=== Section Start ===

(* Let $A=(a_{ij})_{i,j=1}^n$ be the symmetric, entrywise nonnegative weighted adjacency matrix of an undirected graph on $n$ nodes, with degrees $d_i=\sum_j a_{ij}$ and total weight $m=\frac12\sum_{ij}a_{ij}>0$. Let $r\ge 1$ and $1\le k\le r$ be integers, and let $V=[v_1,\dots,v_n]$ with each $v_j\in\mathbb{R}^r$. Fix an index $i$ and the vectors $v_j$, $j\neq i$, and consider the subproblem $$\text{maximize}_{v_i}\; Q(v_i)\quad\text{s.t.}\quad v_i\in\mathbb{R}_+^r,\ \|v_i\|=1,\ \operatorname{card}(v_i)\le k,$$ where $Q(V)=\frac{1}{2m}\sum_{i,j}\left[a_{ij}-\frac{d_id_j}{2m}\right]v_i^Tv_j$ and $Q(v_i)$ denotes $Q$ as a function of $v_i$ alone with all other $v_j$ fixed. Let $q=\nabla Q(v_i):=\frac{1}{2m}\sum_{j\neq i}\left(a_{ij}-\frac{d_id_j}{2m}\right)v_j$. Then an optimal solution of the subproblem is $v_i=g/\|g\|$, where $$g=\begin{cases} e(t)\ \text{for a coordinate } t \text{ maximizing } q_t, & \text{if } q\le 0 \text{ (entrywise)},\\ \operatorname{top}_k^+(q), & \text{otherwise.}\end{cases}$$ (In the case $q\le 0$, if several $t$ attain the maximum of $q_t$, one chooses among them the $t$ with maximum $(v_i)_t$ for the previous value of $v_i$.)
   Context: $\|\cdot\|$ is the Euclidean norm; $\operatorname{card}(v)$ is the number of nonzero entries of $v$; $e(t)$ is the standard basis vector of coordinate $t$ in $\mathbb{R}^r$. For $q\in\mathbb{R}^r$, $\operatorname{top}_k^+(q)$ is the vector of the same shape that keeps the $k$ largest coordinates of $q$ when they are nonnegative and sets all other coordinates (including negative ones among the top $k$) to zero; e.g. $\operatorname{top}_2^+((-1,3))=(0,3)$ and $\operatorname{top}_1^+((-1,-2))=(0,0)$. Note that the term of $Q$ involving $v_i^Tv_i$ is constant on the feasible set since $\|v_i\|=1$. *)

From HB Require Import structures.
From mathcomp Require Import all_boot all_order all_algebra.
Set Implicit Arguments. Unset Strict Implicit. Unset Printing Implicit Defensive.
Import Order.TTheory GRing.Theory Num.Theory.
Local Open Scope ring_scope.

Section Defs.
Variables (R : rcfType) (n r : nat).

Definition dotv (u v : 'rV[R]_r) : R := \sum_(t < r) u 0 t * v 0 t.
Definition normv (u : 'rV[R]_r) : R := Num.sqrt (dotv u u).

Definition cardv (u : 'rV[R]_r) : nat := #|[set t : 'I_r | u 0 t != 0]|.

Definition ebasis (t : 'I_r) : 'rV[R]_r := \row_(s < r) (s == t)%:R.

Definition deg (A : 'M[R]_n) (i : 'I_n) : R := \sum_(j < n) A i j.
Definition totw (A : 'M[R]_n) : R := (\sum_(i < n) \sum_(j < n) A i j) / 2.

Definition Qobj (A : 'M[R]_n) (V : 'I_n -> 'rV[R]_r) : R :=
  (2 * totw A)^-1 * \sum_(i < n) \sum_(j < n)
     (A i j - deg A i * deg A j / (2 * totw A)) * dotv (V i) (V j).

Definition upd (V : 'I_n -> 'rV[R]_r) (i : 'I_n) (x : 'rV[R]_r) : 'I_n -> 'rV[R]_r :=
  fun j => if j == i then x else V j.

Definition gradq (A : 'M[R]_n) (V : 'I_n -> 'rV[R]_r) (i : 'I_n) : 'rV[R]_r :=
  (2 * totw A)^-1 *: \sum_(j < n | j != i)
     (A i j - deg A i * deg A j / (2 * totw A)) *: V j.

Definition feasible (k : nat) (x : 'rV[R]_r) : Prop :=
  (forall t, 0 <= x 0 t) /\ normv x = 1 /\ (cardv x <= k)%N.

(* g = top_k^+(q): there is a set S of k coordinates holding the k largest
   values of q (ties broken arbitrarily); g keeps q_t for t in S with q_t >= 0
   and is zero elsewhere. *)
Definition is_topk_plus (k : nat) (q g : 'rV[R]_r) : Prop :=
  exists S : {set 'I_r},
    #|S| = k /\
    (forall s u, s \in S -> u \notin S -> q 0 u <= q 0 s) /\
    (forall t, g 0 t = if (t \in S) && (0 <= q 0 t) then q 0 t else 0).

End Defs.

(* Q is quadratic in v_i and its quadratic part is a multiple of
   |v_i|^2, which is constant on the feasible set, so maximizing Q amounts to
   maximizing the linear form <x, q>.  If q <= 0 and q_t = max q, then for a
   nonnegative unit vector x every term satisfies x_s q_s <= x_s^2 q_t, hence
   <x, q> <= q_t = <e(t), q>.  Otherwise g = top_k^+(q) satisfies <g, q> = |g|^2.
   For feasible x, replacing q by q^+ restricted to the support of x only
   increases <x, q>; that restriction has at most k nonzero entries, so its norm
   is at most |g|, and Cauchy-Schwarz gives <x, q> <= |g| = <g / |g|, q>. *)

From HB Require Import structures.
From mathcomp Require Import all_boot all_order all_algebra.
From mathcomp Require Import ring lra.
Set Implicit Arguments. Unset Strict Implicit. Unset Printing Implicit Defensive.
Import Order.TTheory GRing.Theory Num.Theory.
Local Open Scope ring_scope.

Lemma sum_le_dominant_set (R : realDomainType) (I : finType) (f : I -> R)
    (S T : {set I}) :
  (forall t, 0 <= f t) -> (forall s u, s \in S -> u \notin S -> f u <= f s) ->
  (#|T| <= #|S|)%N -> \sum_(t in T) f t <= \sum_(t in S) f t.
Proof.
move=> f_ge0 S_dom cardTS.
have [S0|[s0 s0S]] := set_0Vmem S.
  by move: cardTS; rewrite S0 cards0 leqn0 cards_eq0 => /eqP ->; rewrite !big_set0.
(* Shift by [c := min_S f]: then [f - c] is >= 0 on [S] and <= 0 off [S], and
   [c >= 0] absorbs [#|T| <= #|S|]. *)
have [s sS s_min] := @arg_minP _ _ _ s0 (mem S) f s0S.
set c := f s.
have sumTc : \sum_(t in T) (f t - c) <= \sum_(t in S) (f t - c).
  rewrite big_mkcond [X in _ <= X]big_mkcond /=; apply: ler_sum => t _.
  case tT: (t \in T); case tS: (t \in S) => //.
  - by rewrite subr_le0 S_dom ?tS.
  - by rewrite subr_ge0 s_min.
have cardc : c *+ #|T| <= c *+ #|S| := ler_wpMn2l (f_ge0 s) cardTS.
rewrite !sumrB !sumr_const in sumTc; lra.
Qed.

Section InnerProduct.
Variables (R : rcfType) (r : nat).
Implicit Types (u v x : 'rV[R]_r).

Lemma dotvC u v : dotv u v = dotv v u.
Proof. by apply: eq_bigr => t _; rewrite mulrC. Qed.

Lemma dotvZl a u v : dotv (a *: u) v = a * dotv u v.
Proof. by rewrite /dotv mulr_sumr; apply: eq_bigr => t _; rewrite mxE mulrA. Qed.

Lemma dotvZr a u v : dotv u (a *: v) = a * dotv u v.
Proof. by rewrite dotvC dotvZl dotvC. Qed.

Lemma dotv_sumr (I : finType) (P : pred I) (c : I -> R) (W : I -> 'rV[R]_r) x :
  dotv x (\sum_(j | P j) c j *: W j) = \sum_(j | P j) c j * dotv x (W j).
Proof.
rewrite /dotv; under eq_bigr => t _ do rewrite summxE mulr_sumr.
rewrite exchange_big /=; apply: eq_bigr => j _.
by rewrite mulr_sumr; apply: eq_bigr => t _; rewrite mxE mulrCA.
Qed.

Lemma dotvv_ge0 u : 0 <= dotv u u.
Proof. by apply: sumr_ge0 => t _; rewrite -expr2 sqr_ge0. Qed.

Lemma sqr_normv u : normv u ^+ 2 = dotv u u.
Proof. exact/sqr_sqrtr/dotvv_ge0. Qed.

Lemma normv_gt0 u : (0 < normv u) = (0 < dotv u u).
Proof. exact: sqrtr_gt0. Qed.

Lemma sqr_entry_le_dotv u t : u 0 t ^+ 2 <= dotv u u.
Proof.
rewrite /dotv (bigD1 t) //= -expr2 lerDl.
by apply: sumr_ge0 => s _; rewrite -expr2 sqr_ge0.
Qed.

Lemma dotv_ebasisl t u : dotv (ebasis R t) u = u 0 t.
Proof.
rewrite /dotv (bigD1 t) //= big1 => [|s st]; rewrite !mxE ?eqxx.
  by rewrite mul1r addr0.
by rewrite (negbTE st) mul0r.
Qed.

Lemma normv_ebasis (t : 'I_r) : normv (ebasis R t) = 1.
Proof. by rewrite /normv dotv_ebasisl mxE eqxx sqrtr1. Qed.

Lemma cardv_ebasis (t : 'I_r) : cardv (ebasis R t) = 1%N.
Proof.
rewrite /cardv -[RHS](cards1 t); apply: eq_card => s.
by rewrite !inE mxE; case: (s == t); rewrite ?oner_eq0 ?eqxx.
Qed.

Lemma cardvZ a u : (cardv (a *: u) <= cardv u)%N.
Proof.
apply/subset_leq_card/subsetP => t; rewrite !inE mxE.
by apply: contra => /eqP ->; rewrite mulr0.
Qed.

(* Cauchy-Schwarz, through [2 c <u, v> <= c^2 |u|^2 + |v|^2]. *)
Lemma dotv_le_of_unit c u v :
  0 < c -> dotv u u = 1 -> dotv v v <= c ^+ 2 -> dotv u v <= c.
Proof.
move=> c_gt0 uu1 vv_le.
have amgm : 2 * c * dotv u v <= c ^+ 2 * dotv u u + dotv v v.
  rewrite /dotv !mulr_sumr -big_split /=; apply: ler_sum => t _.
  rewrite -subr_ge0 (_ : _ - _ = (c * u 0 t - v 0 t) ^+ 2) ?sqr_ge0 //; ring.
rewrite uu1 mulr1 in amgm.
have : c * dotv u v <= c * c by lra.
by rewrite ler_pM2l.
Qed.

End InnerProduct.

Section Feasibility.
Variables (R : rcfType) (r k : nat).
Implicit Types (g q x : 'rV[R]_r).

Definition maximizes_dotv q v :=
  feasible k v /\ forall x, feasible k x -> dotv x q <= dotv v q.

Lemma feasible_dotvv x : feasible k x -> dotv x x = 1.
Proof. by case=> _ [x1 _]; rewrite -sqr_normv x1 expr1n. Qed.

Lemma feasible_entry_le1 x t : feasible k x -> x 0 t <= 1.
Proof.
move=> x_feas; have := sqr_entry_le_dotv x t; rewrite feasible_dotvv //.
by have := x_feas.1 t; nra.
Qed.

Lemma feasible_normalize g :
  (forall t, 0 <= g 0 t) -> 0 < dotv g g -> (cardv g <= k)%N ->
  feasible k ((normv g)^-1 *: g).
Proof.
move=> g_ge0 gg_gt0 card_g; have N_gt0 : 0 < normv g by rewrite normv_gt0.
split; first by move=> t; rewrite mxE mulr_ge0 // invr_ge0 ltW.
split; last exact: leq_trans (cardvZ _ _) card_g.
set N := normv g; rewrite /normv dotvZl dotvZr -sqr_normv -/N.
by rewrite mulrA -expr2 -exprMn mulVf ?expr1n ?sqrtr1 // gt_eqF.
Qed.

Lemma ebasis_maximizes_dotv q t :
  (0 < k)%N -> (forall s, q 0 s <= q 0 t) -> q 0 t <= 0 ->
  maximizes_dotv q (ebasis R t).
Proof.
move=> k_gt0 t_max qt_le0; split.
  split; first by move=> s; rewrite mxE ler0n.
  by rewrite normv_ebasis cardv_ebasis.
move=> x x_feas; rewrite dotv_ebasisl -[q 0 t]mul1r -(feasible_dotvv x_feas).
rewrite /dotv mulr_suml; apply: ler_sum => s _.
(* x_s q_s <= x_s q_t <= x_s^2 q_t, as 0 <= x_s <= 1 and q_t <= 0 *)
have xs_ge0 := x_feas.1 s.
have xs_le1 : 0 <= 1 - x 0 s by rewrite subr_ge0 (feasible_entry_le1 s x_feas).
have nqt_ge0 : 0 <= - q 0 t by rewrite oppr_ge0.
have := mulr_ge0 (mulr_ge0 xs_ge0 xs_le1) nqt_ge0.
have := t_max s; nra.
Qed.

End Feasibility.

Section TopKPlus.
Variables (R : rcfType) (r k : nat) (q g : 'rV[R]_r) (S : {set 'I_r}).
Hypotheses (cardS : #|S| = k)
  (S_top : forall s u, s \in S -> u \notin S -> q 0 u <= q 0 s)
  (gE : forall t, g 0 t = if (t \in S) && (0 <= q 0 t) then q 0 t else 0).

Let qplus t := Num.max (q 0 t) 0.

Lemma topk_plusE t : g 0 t = if t \in S then qplus t else 0.
Proof. by rewrite gE /qplus; case: (t \in S) => //=; case: lerP. Qed.

Lemma topk_plus_ge0 t : 0 <= g 0 t.
Proof. by rewrite topk_plusE; case: ifP; rewrite // le_max lexx orbT. Qed.

Lemma cardv_topk_plus : (cardv g <= k)%N.
Proof.
rewrite -cardS; apply/subset_leq_card/subsetP => t.
by rewrite inE topk_plusE; case: ifP; rewrite ?eqxx.
Qed.

Lemma dotv_topk_plus : dotv g q = dotv g g.
Proof.
apply: eq_bigr => t _; rewrite gE.
by case: ifP => [/andP[_ /max_idPl <-]|_]; rewrite ?mul0r.
Qed.

Lemma dotv_topk_plus_gt0 : (0 < k)%N -> (exists u, 0 < q 0 u) -> 0 < dotv g g.
Proof.
move=> k_gt0 [u qu_gt0].
have [s sS qs_gt0] : exists2 s, s \in S & 0 < q 0 s.
  have [uS|uNS] := boolP (u \in S); first by exists u.
  have [s0 s0S] : exists s0, s0 \in S by apply/set0Pn; rewrite -card_gt0 cardS.
  by exists s0 => //; apply: lt_le_trans qu_gt0 (S_top s0S uNS).
apply: lt_le_trans (sqr_entry_le_dotv g s).
by rewrite gE sS ltW // exprn_gt0.
Qed.

Lemma dotv_le_normv_topk_plus x :
  feasible k x -> 0 < dotv g g -> dotv x q <= normv g.
Proof.
move=> x_feas gg_gt0.
set y := \row_t (if x 0 t != 0 then qplus t else 0).
have xq_le_xy : dotv x q <= dotv x y.
  apply: ler_sum => t _; rewrite mxE; case: eqP => [->|_]; first by rewrite !mul0r.
  by rewrite ler_wpM2l ?x_feas.1 // le_max lexx.
have yy_le : dotv y y <= normv g ^+ 2.
  have -> : dotv y y = \sum_(t in [set t | x 0 t != 0]) qplus t ^+ 2.
    rewrite big_mkcond; apply: eq_bigr => t _; rewrite mxE inE.
    by case: ifP; rewrite ?mul0r.
  have -> : normv g ^+ 2 = \sum_(t in S) qplus t ^+ 2.
    rewrite sqr_normv big_mkcond; apply: eq_bigr => t _; rewrite topk_plusE.
    by case: ifP; rewrite ?mul0r.
  apply: sum_le_dominant_set => [t|s u sS uNS|]; first exact: sqr_ge0.
    have qplus_ge0 v : 0 <= qplus v by rewrite le_max lexx orbT.
    by rewrite ler_sqr ?nnegrE // le_max2 ?S_top.
  by rewrite cardS; exact: x_feas.2.2.
apply: le_trans xq_le_xy _; apply: dotv_le_of_unit yy_le.
  by rewrite normv_gt0.
exact: feasible_dotvv x_feas.
Qed.

End TopKPlus.

Lemma topk_plus_maximizes_dotv (R : rcfType) (r k : nat) (q g : 'rV[R]_r) :
  (0 < k)%N -> (exists u, 0 < q 0 u) -> is_topk_plus k q g ->
  maximizes_dotv k q ((normv g)^-1 *: g).
Proof.
move=> k_gt0 q_pos [S [cardS [S_top gE]]].
have gg_gt0 := dotv_topk_plus_gt0 cardS S_top gE k_gt0 q_pos.
split.
  apply: feasible_normalize gg_gt0 _; first exact: topk_plus_ge0 gE.
  exact: cardv_topk_plus cardS gE.
move=> x x_feas; rewrite dotvZl (dotv_topk_plus gE) -sqr_normv.
have N_gt0 : 0 < normv g by rewrite normv_gt0.
rewrite expr2 mulrA mulVf ?mul1r ?gt_eqF //.
exact: dotv_le_normv_topk_plus cardS S_top gE x x_feas gg_gt0.
Qed.

Section ObjectiveInOneBlock.
Variables (R : rcfType) (n r : nat) (A : 'M[R]_n) (V : 'I_n -> 'rV[R]_r).
Variable i : 'I_n.
Hypothesis A_sym : A^T = A.

Let B a b := A a b - deg A a * deg A b / (2 * totw A).

Let B_sym a b : B a b = B b a.
Proof. by rewrite /B -{1}A_sym mxE (mulrC (deg A b)). Qed.

Let QobjE (W : 'I_n -> 'rV[R]_r) : Qobj A W =
  (2 * totw A)^-1 * \sum_(a < n) \sum_(b < n) B a b * dotv (W a) (W b).
Proof. by []. Qed.

Let gradqE : gradq A V i = (2 * totw A)^-1 *: \sum_(j < n | j != i) B i j *: V j.
Proof. by []. Qed.

Lemma Qobj_updE : exists c0 c1 : R, forall x,
  Qobj A (upd V i x) = c0 + c1 * dotv x x + 2 * dotv x (gradq A V i).
Proof.
exists ((2 * totw A)^-1 *
  \sum_(a < n | a != i) \sum_(b < n | b != i) B a b * dotv (V a) (V b)).
exists ((2 * totw A)^-1 * B i i) => x; set W := upd V i x.
have W_neq a : a != i -> W a = V a by rewrite /W /upd => /negbTE ->.
have row_i : \sum_(b < n) B i b * dotv (W i) (W b) =
    B i i * dotv x x + \sum_(b < n | b != i) B i b * dotv x (V b).
  rewrite (bigD1 i) //= /W /upd eqxx; congr (_ + _).
  by apply: eq_bigr => b /negbTE ->.
have row_a a : a != i -> \sum_(b < n) B a b * dotv (W a) (W b) =
    B i a * dotv x (V a) + \sum_(b < n | b != i) B a b * dotv (V a) (V b).
  move=> a_neq_i; rewrite (bigD1 i) //= W_neq // /W /upd eqxx B_sym dotvC.
  by congr (_ + _); apply: eq_bigr => b /negbTE ->.
rewrite QobjE (bigD1 i) //= row_i (eq_bigr _ row_a) big_split /=.
rewrite gradqE dotvZr dotv_sumr; ring.
Qed.

Lemma Qobj_upd_le x y :
  dotv x x = dotv y y -> dotv x (gradq A V i) <= dotv y (gradq A V i) ->
  Qobj A (upd V i x) <= Qobj A (upd V i y).
Proof.
have [c0 [c1 QE]] := Qobj_updE; move=> xx_yy xq_le_yq.
by rewrite !QE xx_yy lerD2l ler_pM2l.
Qed.

End ObjectiveInOneBlock.

Theorem proposition1 (R : rcfType) (n r k : nat) (A : 'M[R]_n)
    (V : 'I_n -> 'rV[R]_r) (i : 'I_n) :
  A^T = A ->
  (forall a b, 0 <= A a b) ->
  0 < totw A ->
  (1 <= r)%N -> (1 <= k)%N -> (k <= r)%N ->
  let q := gradq A V i in
  forall g : 'rV[R]_r,
    (if [forall t, q 0 t <= 0] then
       (exists t : 'I_r,
          (forall s, q 0 s <= q 0 t) /\
          (forall s, q 0 s = q 0 t -> V i 0 s <= V i 0 t) /\
          g = ebasis R t)
     else is_topk_plus k q g) ->
    let vopt := (normv g)^-1 *: g in
    feasible k vopt /\
    (forall x, feasible k x -> Qobj A (upd V i x) <= Qobj A (upd V i vopt)).
Proof.
move=> A_sym _ _ _ k_gt0 _ q g g_def vopt.
have [vopt_feas vopt_max] : maximizes_dotv k q vopt.
  rewrite /vopt; case: ifP g_def => [q_le0 [t [t_max [_ ->]]] | /negbT q_pos].
    rewrite normv_ebasis invr1 scale1r.
    exact: ebasis_maximizes_dotv k_gt0 t_max (forallP q_le0 t).
  apply: topk_plus_maximizes_dotv k_gt0 _.
  by move/forallPn: q_pos => [u]; rewrite -ltNge; exists u.
split=> // x x_feas; apply: (Qobj_upd_le A_sym _ (vopt_max x x_feas)).
by rewrite !(feasible_dotvv (k := k)).
Qed.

=== Section End ===

▸ **TASK GOAL**: Lines to set down from above: the line with "rewrite /dotv; under", the line with "Proof. by rewrite /normv", and every line between, each exactly as written.

▸ **TASK SOLUTION**:
rewrite /dotv; under eq_bigr => t _ do rewrite summxE mulr_sumr.
rewrite exchange_big /=; apply: eq_bigr => j _.
by rewrite mulr_sumr; apply: eq_bigr => t _; rewrite mxE mulrCA.
Qed.

Lemma dotvv_ge0 u : 0 <= dotv u u.
Proof. by apply: sumr_ge0 => t _; rewrite -expr2 sqr_ge0. Qed.

Lemma sqr_normv u : normv u ^+ 2 = dotv u u.
Proof. exact/sqr_sqrtr/dotvv_ge0. Qed.

Lemma normv_gt0 u : (0 < normv u) = (0 < dotv u u).
Proof. exact: sqrtr_gt0. Qed.

Lemma sqr_entry_le_dotv u t : u 0 t ^+ 2 <= dotv u u.
Proof.
rewrite /dotv (bigD1 t) //= -expr2 lerDl.
by apply: sumr_ge0 => s _; rewrite -expr2 sqr_ge0.
Qed.

Lemma dotv_ebasisl t u : dotv (ebasis R t) u = u 0 t.
Proof.
rewrite /dotv (bigD1 t) //= big1 => [|s st]; rewrite !mxE ?eqxx.
  by rewrite mul1r addr0.
by rewrite (negbTE st) mul0r.
Qed.

Lemma normv_ebasis (t : 'I_r) : normv (ebasis R t) = 1.
Proof. by rewrite /normv dotv_ebasisl mxE eqxx sqrtr1. Qed.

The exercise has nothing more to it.